Qualcuno ha immaginato anche l’arrivo di un “European Patriot Act”, omologo della legge che fu varata dagli USA dopo l’11 settembre con una decina di misure diverse di difesa contro il terrorismo, che però è stata giudicata incostituzionale in alcune sue parti da diverse corti federali.
In questa direzione va la ricetta di Angelino Alfano di “regolamentazione del web” con la possibilità di bloccare siti web italiani e stranieri “collegati al terrorismo” da parte delle forze di polizia, senza richiedere autorizzazioni alla magistratura (come già succede con il contestato regolamento AgCom per i siti colpevoli di violare il copyright).

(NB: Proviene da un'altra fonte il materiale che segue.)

(* Let $T$ be a tree. Then $\gamma_{rdR}(T)=\gamma(T)+\gamma_r(T)$ if and only if $T$ is a star (i.e., $T\cong K_{1,m}$ for some $m\ge 0$, with $K_{1,0}=K_1$).
   Context: All graphs are finite and simple. An RDRD function of $G$ is a function $f:V(G)\to\{0,1,2,3\}$ such that every vertex with value $0$ has at least two neighbors with value $2$ or at least one neighbor with value $3$, every vertex with value $1$ has a neighbor with value $2$ or $3$, and the subgraph induced by the vertices with value $0$ has no isolated vertices; $\gamma_{rdR}(G)$ is the minimum of $\sum_v f(v)$ over RDRD functions. $\gamma(G)$ is the domination number; $\gamma_r(G)$ is the minimum cardinality of a set $S$ such that every vertex outside $S$ has a neighbor in $S$ and a neighbor outside $S$. *)

(* A finite simple graph is a symmetric irreflexive relation
   e : rel T on a finType T (vertex set = T). *)
From mathcomp Require Import all_boot all_order.
Set Implicit Arguments. Unset Strict Implicit. Unset Printing Implicit Defensive.

Section Graphs.
Variables (T : finType) (e : rel T).

Definition simple_graph : Prop := symmetric e /\ irreflexive e.

Definition connected_graph : Prop := forall x y : T, connect e x y.

(* a cycle: distinct vertices x :: p (at least 3), consecutive adjacent,
   last adjacent to first *)
Definition has_cycle : Prop :=
  exists (x : T) (p : seq T),
    [/\ 2 <= size p, uniq (x :: p), path e x p & e (last x p) x].

Definition is_tree : Prop :=
  simple_graph /\ 0 < #|T| /\ connected_graph /\ ~ has_cycle.

Definition is_star : Prop :=
  exists c : T, forall x y : T, e x y = ((x == c) && (y != c)) || ((y == c) && (x != c)).

Definition dominating (S : {set T}) : bool :=
  [forall v, (v \notin S) ==> [exists u, e v u && (u \in S)]].

Definition domination_number : nat :=
  #|[arg min_(S < [set: T] | dominating S) #|S|]|.

Definition restrained_dominating (S : {set T}) : bool :=
  [forall v, (v \notin S) ==>
     ([exists u, e v u && (u \in S)] && [exists u, e v u && (u \notin S)])].

Definition restrained_domination_number : nat :=
  #|[arg min_(S < [set: T] | restrained_dominating S) #|S|]|.

Definition is_RDRD (f : {ffun T -> 'I_4}) : bool :=
  [forall v,
     [&& ((f v : nat) == 0) ==>
           ((2 <= #|[set u | e v u & (f u : nat) == 2]|)
            || [exists u, e v u && ((f u : nat) == 3)]),
         ((f v : nat) == 1) ==> [exists u, e v u && (2 <= (f u : nat))]
       & ((f v : nat) == 0) ==> [exists u, e v u && ((f u : nat) == 0)]]].

Definition weight (f : {ffun T -> 'I_4}) : nat := \sum_(v : T) (f v : nat).

Definition rdrd_number : nat :=
  weight [arg min_(f < [ffun _ => (inord 3 : 'I_4)] | is_RDRD f) weight f].

End Graphs.

From mathcomp Require Import all_boot all_order.
From mathcomp Require Import zify.
From Stdlib Require Import Classical.
Set Implicit Arguments. Unset Strict Implicit. Unset Printing Implicit Defensive.
(* With $\chi=1$ the trivial character, the restriction maps $j_1:\mathcal S^*(\overline{\mathcal O}_1)^{\chi}\to\mathcal S^*(\mathcal O_1)^{\chi}$ and $j_1':\mathcal S^*(\overline{\mathcal O}_1)^{\chi,\infty}\to\mathcal S^*(\mathcal O_1)^{\chi,\infty}$ are isomorphisms.
   Context: $F$ nonarchimedean local field of characteristic $0$, $G=G'=\mathrm{GL}_2(F)$ acting on $M_2:=M_{2\times2}(F)$ by $(g_1,g_2)\cdot M=g_1Mg_2^{-1}$. Let $\mathcal O_i\subset M_2$ be the set of matrices of rank $i$; $\overline{\mathcal O}_1=\mathcal O_1\cup\{0\}$. For a $G\times G'$-stable locally closed $X\subset M_2$, $\mathcal S(X)$ is the space of locally constant compactly supported functions on $X$ with $((g_1,g_2)f)(M)=f(g_1^{-1}Mg_2)$, and $\mathcal S^*(X)$ is its algebraic dual with the contragredient action. For a character $\chi$ of $G$, $\mathcal S^*(X)^\chi$ is the space of $G$-invariant vectors in $\mathcal S^*(X)\otimes(|\det|\boxtimes|\det|^{-1})\otimes\chi^{-1}$ (here $G$ is the first factor). A vector $v$ in a representation $V$ of $G$ is generalized $\chi$-invariant if there is $k\ge0$ with $(g_0-\chi(g_0))(g_1-\chi(g_1))\cdots(g_k-\chi(g_k))v=0$ for all $g_0,\dots,g_k\in G$; $\mathcal S^*(X)^{\chi,\infty}$ is the space of generalized $(G,\chi)$-invariant vectors in $\mathcal S^*(X)\otimes(|\det|\boxtimes|\det|^{-1})$. The maps $j_1,j_1'$ are induced by restriction of distributions from the closed set $\overline{\mathcal O}_1$ to its open subset $\mathcal O_1$. *)

From HB Require Import structures.
From mathcomp Require Import all_boot all_order all_algebra.
From mathcomp Require Import complex.
From mathcomp Require Import Rstruct.
Set Implicit Arguments. Unset Strict Implicit. Unset Printing Implicit Defensive.
Import Order.TTheory GRing.Theory Num.Theory.
Local Open Scope ring_scope.

Notation RR := Rdefinitions.R.
Notation CC := (complex RR).

(* [is_nalf F nabs] : F is a nonarchimedean local field of characteristic 0
   and [nabs] is its normalized absolute value: a discrete, nontrivial,
   ultrametric absolute value for which F is complete, with finite residue
   field of cardinality q, normalized so that |uniformizer| = q^-1. *)
Definition cauchy_seq (F : fieldType) (nabs : F -> RR) (u : nat -> F) :=
  forall e : RR, 0 < e -> exists N : nat, forall m n, (N <= m)%N -> (N <= n)%N ->
    nabs (u m - u n) < e.
Definition converges_to (F : fieldType) (nabs : F -> RR) (u : nat -> F) l :=
  forall e : RR, 0 < e -> exists N : nat, forall n, (N <= n)%N -> nabs (u n - l) < e.

Definition is_nalf (F : fieldType) (nabs : F -> RR) : Prop :=
  [/\ [pchar F] =i pred0,
      (nabs 0 = 0 /\ forall x, x != 0 -> 0 < nabs x),
      ((forall x y, nabs (x * y) = nabs x * nabs y) /\
       (forall x y, nabs (x + y) <= Num.max (nabs x) (nabs y))),
      (forall u, cauchy_seq nabs u -> exists l, converges_to nabs u l) &
      exists (pi : F) (q : nat), [/\ (1 < q)%N,
        nabs pi = (q%:R)^-1,
        (forall x, x != 0 -> exists n : int, nabs x = nabs pi ^ n) &
        (* residue field {|x| <= 1} / {|x| < 1} has exactly q elements *)
        exists s : seq F, [/\ size s = q,
          all (fun r => nabs r <= 1) s,
          (forall i j, (i < q)%N -> (j < q)%N -> i != j ->
              nabs (nth 0 s i - nth 0 s j) = 1) &
          (forall x, nabs x <= 1 -> exists2 r, r \in s & nabs (x - r) < 1)]]].
Lemma eq_hom_trans (A B D : C) (e1 : A = B) (e2 : B = D) :
  eq_hom e2 ∘ eq_hom e1 = eq_hom (eq_trans e1 e2).
Proof. destruct e1, e2. apply comp_idl. Qed.

Lemma eq_hom_trans_under (A B D E : C) (e1 : A = B) (e2 : B = D) (x : hom D E) :
  x ∘ eq_hom e2 ∘ eq_hom e1 = x ∘ eq_hom (eq_trans e1 e2).
Proof. now rewrite <- comp_assoc, eq_hom_trans. Qed.

Lemma eq_hom_transpose (A B D : C) (e : A = B) (x : hom D A) (y : hom D B) :
  eq_hom e ∘ x = y -> x = eq_hom (eq_sym e) ∘ y.
Proof. destruct e; simpl; rewrite !comp_idl; auto. Qed.

Lemma assoc_rw (A B D : C) (a : hom B D) (b : hom A B) (c : hom A D) :
  a ∘ b = c -> forall E (x : hom D E), x ∘ a ∘ b = x ∘ c.
Proof. intros H E x. now rewrite <- comp_assoc, H. Qed.
End EqHom.

Lemma eq_hom_tensm (C : category) (s : ssm C) (A A' B B' : C) (e1 : A = A') (e2 : B = B') :
  tensm s (eq_hom e1) (eq_hom e2) = eq_hom (f_equal2 (tens s) e1 e2).
Proof. destruct e1, e2; simpl. rewrite (tens_id s A B), eq_hom_refl. apply eq_hom_irrel. Qed.

(* Closes coherence goals built from identifications only: fuse all composites
   and tensors of [eq_hom]s and compare the results by proof irrelevance. *)
Ltac eq_hom_normalize :=
  repeat rewrite comp_assoc;
  repeat rewrite eq_hom_refl;
  repeat (rewrite eq_hom_tensm || rewrite eq_hom_trans || rewrite eq_hom_trans_under);
  repeat rewrite <- eq_hom_refl;
  repeat rewrite eq_hom_self;
  repeat rewrite comp_idr; repeat rewrite comp_idl;
  first [reflexivity | apply eq_hom_irrel | (f_equal; apply eq_hom_irrel)].

Section Monoidal.
Variables (C : category) (s : ssm C).
Local Notation "f ⊙ g" := (tensm s f g) (at level 40, left associativity).

Lemma tensm_comp_r (A B B' B'' : C) (f : hom B B') (g : hom B' B'') :
  idm A ⊙ (g ∘ f) = (idm A ⊙ g) ∘ (idm A ⊙ f).
Proof. now rewrite <- tens_comp, comp_idl. Qed.

Lemma tensm_comp_l (A B B' B'' : C) (f : hom B B') (g : hom B' B'') :
  (g ∘ f) ⊙ idm A = (g ⊙ idm A) ∘ (f ⊙ idm A).
Proof. now rewrite <- tens_comp, comp_idl. Qed.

Per ora le proposte in arrivo dopo il vertice europeo sono minimaliste: l’accesso alle liste dei passeggeri degli aerei che arrivano in Europa per intercettare velocemente i terroristi (va trovato un accordo con il Parlamento europeo che ha riserve riguardo alla privacy), un rafforzamento dello scambio di informazioni sulla base del sistema Schengen per fare in modo che i dati dei ricercati dalle polizie europee siano meglio condivisi da tutti gli stati membri, un potenziamento delle strutture europee di polizia e giudiziarie Europol ed Eurojust.
Insieme a queste potrebbe vedere la luce un coordinamento delle intelligence europee, come suggerito dal nostro Presidente del Consiglio.

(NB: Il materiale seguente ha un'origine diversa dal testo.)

(* The max basis inside [e' |: X] containing [C :\ e] misses [e], since [C] is
   not max-independent; so it is [swap X e e']. *)
Lemma max_bases_circuit_exchange (C X : {set T}) e e' : e != e' -> e \in C -> e' \in C ->
  ~ max_indep B F C -> max_indep B F (C :\ e) ->
  X \in G -> C :\ e' \subset X -> C \subset F \/ [disjoint C & F] ->
  [/\ e \in X, e' \notin X & swap X e e' \in G].
Proof.
move=> ee' eC e'C notC [Z0 hZ0 sZ0] hX sX hCF.
have eX : e \in X by apply: (subsetP sX); rewrite !inE eC ee'.
have e'X : e' \notin X.
  apply: contra_notN notC => e'X; exists X => //; apply/subsetP => z zC.
  by case: (eqVneq z e') => [->//|ze']; rewrite (subsetP sX) // !inE ze'.
split => //.
have [Z1 [hZ1 sZ1 XZ1]] : exists Z1, [/\ Z1 \in G, C :\ e \subset Z1 &
      X :&: F \subset Z1 \/ X :\: F \subset Z1 /\ e' \in F].
  case: hCF => hCF.
    exists ((Z0 :&: F) :|: (X :\: F)); split; first exact: max_bases_glue.
      apply/subsetP => z zC; rewrite !inE (subsetP sZ0 _ zC).
      by move: zC; rewrite inE => /andP[_ /(subsetP hCF) ->].
    by right; split; [exact: subsetUr | exact: (subsetP hCF)].
  exists ((X :&: F) :|: (Z0 :\: F)); split; [exact: max_bases_glue| |by left; exact: subsetUl].
  apply/subsetP => z zC; rewrite !inE (subsetP sZ0 _ zC) andbT; apply/orP; right.
  by move: zC; rewrite inE => /andP[_ zC]; rewrite (disjointFr hCF zC).
have [Z [hZ sZ1Z ZS]] := max_basis_in_setU1 hX hZ1 XZ1.
have sCZ : C :\ e \subset Z.
  apply: subset_trans sZ1Z; rewrite subsetI sZ1 /=.
  apply/subsetP => z; rewrite inE => /andP[ze zC].
  rewrite !inE; case: (eqVneq z e') => [//|ze'].
  by rewrite (subsetP sX) ?orbT // !inE ze' zC.
have eZ : e \notin Z.
  apply: contra_notN notC => eZ; exists Z => //.
  by apply/subsetP => z zC; case: (eqVneq z e) => [->//|ze]; rewrite (subsetP sCZ) // !inE ze.
have /max_basesP [hXB _] := hX; have /max_basesP [hZB _] := hZ.
by rewrite -(basis_sub_setU1 hXB hZB eX e'X eZ ZS).
Qed.
End MaxBases.

Section AffineCount.
Variables (R : realType) (T : finType).
Local Open Scope ring_scope.

Definition neg_ind (F : {set T}) (e : T) : R := if e \in F then -1 else 0.

Lemma aff_eval_neg_ind (F X : {set T}) (r : nat) :
  aff_eval (neg_ind F) r%:R X = r%:R - #|X :&: F|%:R.
Proof.
rewrite /aff_eval addrC; congr (_ + _).
rewrite -big_mkcondr /= (eq_bigl (fun e => e \in X :&: F)); last by move=> e; rewrite inE.
by rewrite sumr_const mulNrn.
Qed.

Lemma aff_nvalues_neg_ind (B : {set {set T}}) (F : {set T}) (r : nat) :
  aff_nvalues B (neg_ind F) r%:R = size (undup [seq #|X :&: F| | X <- enum B]).
Proof.
rewrite /aff_nvalues.
have -> : [seq aff_eval (neg_ind F) r%:R X | X <- enum B] =
    [seq r%:R - m%:R | m <- [seq #|X :&: F| | X <- enum B]].
  by rewrite -map_comp; apply: eq_map => X; rewrite aff_eval_neg_ind.
rewrite undup_map_inj ?size_map // => x y /= /addrI /oppr_inj /eqP.
by rewrite eqr_nat => /eqP.
Qed.

Lemma aff_eval_swap (a : T -> R) b (X : {set T}) e e' : e \in X -> e' \notin X ->
  aff_eval a b (swap X e e') = aff_eval a b X - a e + a e'.
Proof.
move=> eX e'X; have e'Xe : e' \notin X :\ e by rewrite !inE (negbTE e'X) andbF.
rewrite /aff_eval /swap setUC (big_setU1 _ e'Xe) /= (big_setD1 e eX) /=; ring.
Qed.

Lemma aff_eval_swap_eq (a : T -> R) b (X : {set T}) e e' : e \in X -> e' \notin X ->
  aff_eval a b X = 0 -> aff_eval a b (swap X e e') = 0 -> a e = a e'.
Proof.
move=> eX e'X h0; rewrite aff_eval_swap // h0 sub0r addrC => /eqP.
by rewrite subr_eq0 eq_sym => /eqP.
Qed.

Lemma sum_constant_on (a : T -> R) (A : {set T}) : {in A &, forall e e', a e = a e'} ->
  exists c, forall Y : {set T}, Y \subset A -> \sum_(e in Y) a e = #|Y|%:R * c.
Proof.
move=> h; case: (set_0Vmem A) => [->|[e0 e0A]].
  by exists 0 => Y; rewrite subset0 => /eqP ->; rewrite big_set0 cards0 mul0r.
exists (a e0) => Y sY; rewrite mulr_natl -sumr_const; apply: eq_bigr => e eY.
by apply: h => //; apply: (subsetP sY).
Qed.

Variables (B : {set {set T}}) (F A : {set T}) (n r : nat).
Hypothesis outside_sub : forall X, X \in B -> X :\: F \subset A.
Hypothesis card_B : forall X, X \in B -> #|X| = n.
Hypothesis count_le : forall X, X \in B -> (#|X :&: F| <= r)%N.
Hypothesis count_eq : exists2 X, X \in B & #|X :&: F| = r.
Hypothesis count_lt : exists2 X, X \in B & (#|X :&: F| < r)%N.

Lemma aff_vanishing_proportional (a : T -> R) b :
  {in F &, forall e e', a e = a e'} -> {in A &, forall e e', a e = a e'} ->
  (forall X, X \in B -> #|X :&: F| = r -> aff_eval a b X = 0) ->
  exists c, forall X, X \in B -> aff_eval a b X = (r%:R - #|X :&: F|%:R) * c.
Proof.
move=> constF constA h0.
have [al hal] := sum_constant_on constF; have [be hbe] := sum_constant_on constA.
have evalE X : X \in B -> aff_eval a b X =
    #|X :&: F|%:R * al + (n%:R - #|X :&: F|%:R) * be + b.
  move=> hX; rewrite /aff_eval (big_setID F) /= hal ?subsetIr // hbe ?outside_sub //.
  by rewrite -(card_B hX) -(cardsID F X) natrD; ring.
have [X1 hX1 c1] := count_eq.
have := h0 _ hX1 c1; rewrite evalE // c1 => z.
exists (be - al) => X hX; rewrite evalE //.
by apply/eqP; rewrite -subr_eq0 -z; apply/eqP; ring.
Qed.

Hypothesis vanishing_constant : forall (a : T -> R) b,
  (forall X, X \in B -> #|X :&: F| = r -> aff_eval a b X = 0) ->
  {in F &, forall e e', a e = a e'} /\ {in A &, forall e e', a e = a e'}.

Lemma neg_ind_facet_defining : facet_defining B (neg_ind F) r%:R.
Proof.
have nonneg : aff_nonneg B (neg_ind F) r%:R.
  by move=> X hX; rewrite aff_eval_neg_ind subr_ge0 ler_nat count_le.
have faceE X : (X \in zero_face B (neg_ind F) r%:R) = (X \in B) && (#|X :&: F| == r).
  by rewrite inE aff_eval_neg_ind subr_eq0 eq_sym eqr_nat.
split => //; split; first by exists (neg_ind F), r%:R.
  have [X hX lt] := count_lt; apply/eqP => e.
  by have := faceE X; rewrite e hX ltn_eqF.
move=> _ [a [b [_ ->]]] ne sub.
have h0 X : X \in B -> #|X :&: F| = r -> aff_eval a b X = 0.
  by move=> hX cX; have := subsetP sub X; rewrite faceE hX cX eqxx inE hX => /(_ isT) /eqP.
have [constF constA] := vanishing_constant h0.
have [c hc] := aff_vanishing_proportional constF constA h0.
have c0 : c != 0.
  apply: contra_neq ne => c0; apply/setP => X; rewrite inE.
  by case: (boolP (X \in B)) => //= hX; rewrite hc // c0 mulr0 eqxx.
apply/setP => X; rewrite faceE inE; case: (boolP (X \in B)) => //= hX.
by rewrite hc // mulf_eq0 (negbTE c0) orbF subr_eq0 eq_sym eqr_nat.
Qed.

End AffineCount.

Section Levelness.
Variables (R : realType) (T : finType) (B : {set {set T}}).
Local Open Scope ring_scope.

Lemma level_bound_card : level_bound R B #|B|.
Proof.
move=> a b _; rewrite /aff_nvalues; apply: leq_trans (size_undup _) _.
by rewrite size_map cardE.
Qed.

Lemma levelness_exists : exists j, levelness R B j.
Proof.
elim/ltn_ind: #|B| (level_bound_card) => m IH hm.
have [[j [jm hj]]|hno] := classic (exists j, (j < m)%N /\ level_bound R B j).
  exact: IH hj.
by exists m; split => // j jm hj; apply: hno; exists j.
Qed.

Lemma face_sub (H : {set {set T}}) : is_face R B H -> H \subset B.
Proof. by case=> a [b [_ ->]]; apply/subsetP => X; rewrite inE => /andP[]. Qed.

Lemma face_sub_facet (H : {set {set T}}) : is_face R B H -> H != B ->
  exists2 G, is_facet R B G & H \subset G.
Proof.
move=> hH; move: {2}(#|B| - #|H|)%N (leqnn (#|B| - #|H|)) => d.
elim: d H hH => [|d IH] H hH le ne.
  by move: ne; rewrite eqEcard face_sub //= -subn_eq0 -leqn0 le.
have [[H2 [f2 n2 s2 ne2]]|hno] :=
  classic (exists H2, [/\ is_face R B H2, H2 != B, H \subset H2 & H2 != H]).
  have [|G fG sG] := IH H2 f2 _ n2; last by exists G; last exact: subset_trans s2 sG.
  have : H \proper H2 by rewrite properEneq s2 eq_sym ne2.
  move/proper_card; have := subset_leq_card (face_sub f2); lia.
exists H => //; split => // H2 f2 n2 s2; apply: NNPP => ne2; apply: hno.
by exists H2; split => //; apply/eqP.
Qed.

Lemma levelness_gt0 j : B != set0 -> levelness R B j -> (0 < j)%N.
Proof.
move=> /set0Pn [X hX] [lb _].
have face0 : is_face R B set0.
  exists (fun _ => 0), 1; split; first by move=> Y _; rewrite /aff_eval big1 // add0r ler01.
  by apply/setP => Y; rewrite !inE /aff_eval big1 // add0r oner_eq0 andbF.
have ne0 : set0 != B by apply/eqP/setP => /(_ X); rewrite inE hX.
have [G hG _] := face_sub_facet face0 ne0; have [[a [b [nn eG]]] _ _] := hG.
have hf : facet_defining B a b by split; rewrite // -eG.
apply: leq_trans (lb a b hf); rewrite /aff_nvalues lt0n size_eq0; apply/eqP => e.
have : aff_eval a b X \in undup [seq aff_eval a b Y | Y <- enum B].
  by rewrite mem_undup; apply: map_f; rewrite mem_enum.
by rewrite e.
Qed.
End Levelness.

Lemma restr_groundE (T : finType) (E F : {set T}) : F \subset E -> restr_ground E F = F.
Proof.
by move=> FE; rewrite /restr_ground /minor_ground set0U setDDr setDv set0U; apply/setIidPr.
Qed.

Lemma contr_groundE (T : finType) (E F : {set T}) : contr_ground E F = E :\: F.
Proof. by rewrite /contr_ground /minor_ground setU0. Qed.

Section Minors.
Variables (T : finType) (E : {set T}) (B : {set {set T}}).
Hypothesis HB : is_matroid E B.
Variable n : nat.
Hypothesis card_basis : forall X, X \in B -> #|X| = n.

Lemma in_restr_bases (F X : {set T}) : F \subset E ->
  (X \in restr_bases E B F) = [&& X \subset F, mrank B X == #|X| & mrank B F == #|X|].
Proof.
move=> FE; rewrite inE -/(restr_ground E F) restr_groundE // setU0 mrank_set0 addn0.
by rewrite setDDr setDv set0U (setIidPr FE).
Qed.

Lemma in_contr_bases (F X : {set T}) : (X \in contr_bases E B F) =
  [&& X \subset E :\: F, mrank B (X :|: F) == #|X| + mrank B F & n == #|X| + mrank B F].
Proof. by rewrite inE -/(contr_ground E F) contr_groundE setD0 (mrank_ground HB card_basis). Qed.

Lemma restr_bases_indep (F C : {set T}) : F \subset E -> C \subset F ->
  indep (restr_bases E B F) C <-> max_indep B F C.
Proof.
move=> FE CF; split.
  case/existsP => Y /andP[]; rewrite in_restr_bases // => /and3P[YF /eqP r1 /eqP r2] sCY.
  have [Z hZ sZ] := full_rank_sub_basis HB (eq_leq (esym r1)).
  exists Z; last exact: subset_trans sZ.
  apply/max_basesP; split => //; apply/eqP; rewrite eqn_leq mrank_ge_basis // r2.
  by apply: subset_leq_card; rewrite subsetI sZ.
case=> Y /max_basesP [hYB cY] sCY; apply/existsP; exists (Y :&: F).
rewrite subsetI sCY CF andbT in_restr_bases // subsetIr -cY eqxx andbT /=.
rewrite eqn_leq mrank_le_card /= andbT.
by have := mrank_ge_basis (Y :&: F) hYB; rewrite setIA setIid.
Qed.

Sappiamo che le crisi fanno crescere l’Europa, una prova ne è il fatto che dopo tanti anni è in arrivo quella che dovrebbe diventare la spina dorsale di una vera politica dell’immigrazione, che gli Stati non hanno mai dimostrato di volere. Vedremo quindi quali misure saprà prendere la presidenza lettone dell’UE che convocherà un consiglio straordinario dei ministri dell’Interno e della Giustizia prima del Consiglio europeo del 12 febbraio.

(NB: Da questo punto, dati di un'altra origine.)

(* Let $n\ge2$ and let $v_A=(a_1,\dots,a_n)$ be the vector associated to a positive integral diamond $A$ of Dynkin type $\mathbb{A}_n$ with $a_n=1$, such that $(T_1(v_A),\dots,T_n(v_A))$ defines a Dyck path in $\mathfrak{D}_{2(n+1)}$. Then for each $1\le i<n$, the vector $(T_1(v_{A+i}),\dots,T_n(v_{A+i}))$ also defines a Dyck path in $\mathfrak{D}_{2(n+1)}$, where $v_{A+i}=(a_1,\dots,a_i,\,a_i+a_{i+1},\,a_{i+1},\dots,a_{n-1})$.
   Context: An $\mathbb{A}_n$-diamond over an integral domain $\mathbf{R}$ is a family $A=(a_{i,j})$ of elements of $\mathbf{R}$, with $a_{1,j}$ for $1\le j\le n+1$ and $a_{2,j}$ for $0\le j\le n$, such that (D1) $a_{2,0}=a_{1,n+1}=1$ and (D2) $a_{1,j}a_{2,j}-a_{2,j-1}a_{1,j+1}=1$ for $1\le j\le n$. For $\mathbf{R}=\mathbb{Z}$, $A$ is a positive integral diamond of Dynkin type $\mathbb{A}_n$ if it also satisfies (D3): there are integers $a,m_a$ with $1\le a\le\lfloor (n+2)/2\rfloor$ such that either $(a_{1,1},a_{2,1})=(a,a+m_a)$ or $(a_{1,1},a_{2,1})=(a+m_a,a)$, and $a_{1,2}=a^2+am_a-1$, where $1\le m_1\le n$ when $a=1$ and $0\le m_a\le n+2(1-a)$ when $a>1$. The vector associated to $A$ is $v_A=(a_{1,1},\dots,a_{1,n})$. A Dyck path of length $2N$ is a word in $U,D$ with $N$ of each letter such that every prefix has at least as many $U$'s as $D$'s; $\mathfrak{D}_{2N}$ is their set. For $G\in\mathfrak{D}_{2(n+1)}$ let $m_i$ be the number of $U$'s before the $i$-th $D$ and $v_G=(m_1,m_2-1,\dots,m_n-n+1)$; a vector $w\in\mathbb{Z}^n$ defines a Dyck path in $\mathfrak{D}_{2(n+1)}$ if $w=v_G$ for some $G\in\mathfrak{D}_{2(n+1)}$. For $u=(u_1,\dots,u_m)\in\mathbb{N}^m$ and $1\le i\le m$: put $r_0=u_i$; while some $l\in\{1,\dots,i\}$ has $r_k-u_l>0$, let $l_k$ be the largest such $l$ and $r_{k+1}=r_k-u_{l_k}$; if this stops at $r_t$ after $t\ge0$ steps, $T_i(u)=r_t+t$. *)

From HB Require Import structures.
From mathcomp Require Import all_boot all_order all_algebra.
Set Implicit Arguments. Unset Strict Implicit. Unset Printing Implicit Defensive.
Import Order.TTheory GRing.Theory Num.Theory.
Local Open Scope ring_scope.

(* a1 j = a_{1,j} (meaningful for 1 <= j <= n+1), a2 j = a_{2,j} (0 <= j <= n). *)
Definition is_diamond (n : nat) (a1 a2 : nat -> int) : Prop :=
  a2 0%N = 1 /\ a1 n.+1 = 1 /\
  (forall j : nat, (1 <= j <= n)%N -> a1 j * a2 j - a2 j.-1 * a1 j.+1 = 1).

Definition D3 (n : nat) (a1 a2 : nat -> int) : Prop :=
  exists a m : int,
    [/\ 1 <= a /\ a <= ((n + 2) %/ 2)%N%:Z,
        (a1 1%N, a2 1%N) = (a, a + m) \/ (a1 1%N, a2 1%N) = (a + m, a),
        a1 2%N = a ^+ 2 + a * m - 1,
        (a = 1 -> 1 <= m /\ m <= n%:Z) &
        (1 < a -> 0 <= m /\ m <= n%:Z + 2 * (1 - a))].

Definition pos_int_diamond (n : nat) (a1 a2 : nat -> int) : Prop :=
  is_diamond n a1 a2 /\ D3 n a1 a2.

Definition vecA (n : nat) (a1 : nat -> int) : seq int := [seq a1 j | j <- iota 1 n].

Definition vecAplus (n i : nat) (a1 : nat -> int) : seq int :=
  [seq a1 j | j <- iota 1 i] ++ (a1 i + a1 i.+1)
    :: [seq a1 j | j <- iota i.+1 (n.-1 - i)].

(* u is 1-indexed: u_l = nth 0 u l.-1.  cands u i r = the l in {1..i} with
   r - u_l > 0, in increasing order (so the largest one is the last). *)
Definition cands (u : seq int) (i : nat) (r : int) : seq nat :=
  [seq l <- iota 1 i | 0 < r - nth 0 u l.-1].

Un’Europa il cui nuovo slogan sia il controllo totale da parte dei governi delle vite dei cittadini sarebbe la ricetta sbagliata: restringere le libertà fondamentali, soprattutto in materia di libertà d’espressione, sarebbe una vittoria dei terroristi che volevano zittire Charlie Hebdo. Oltretutto è stato oramai dimostrato che la sorveglianza di massa non è un buon modo di contrastare la minaccia terroristica, esattamente come è dimostrato che non è fallito il modello di integrazione in Francia ma hanno fallito le politiche securitarie della destra. Non c’è uno scontro di civiltà all’interno dell’Europa ma uno scontro sociale: nelle balieu la rabbia non è identitaria, religiosa ma sociale, territoriale, perciò la risposta giusta, lungimirante, egoista è investire nell’uguaglianza e nel rispetto della diversità.
La reazione a questa strage sarebbe auspicabile quindi in questa direzione: l’Europa ne dovrebbe uscire con un’accentuazione dei suoi valori e con un confronto intensificato su di essi con tutti i propri interlocutori.
Valeva la pena insomma essere in Place de la République con il cartello #JeSuisCharlie se questo dovesse portare quell’unione politica tanto cercata, ad intraprendere quel percorso verso un governo europeo e istituzioni pienamente federali che possano sorreggere i nuovi compiti attribuiti al continente dalla globalizzazione. Purtroppo la statura dei leader europei attuali non fa ben sperare che un passo così importante possa essere compiuto a breve.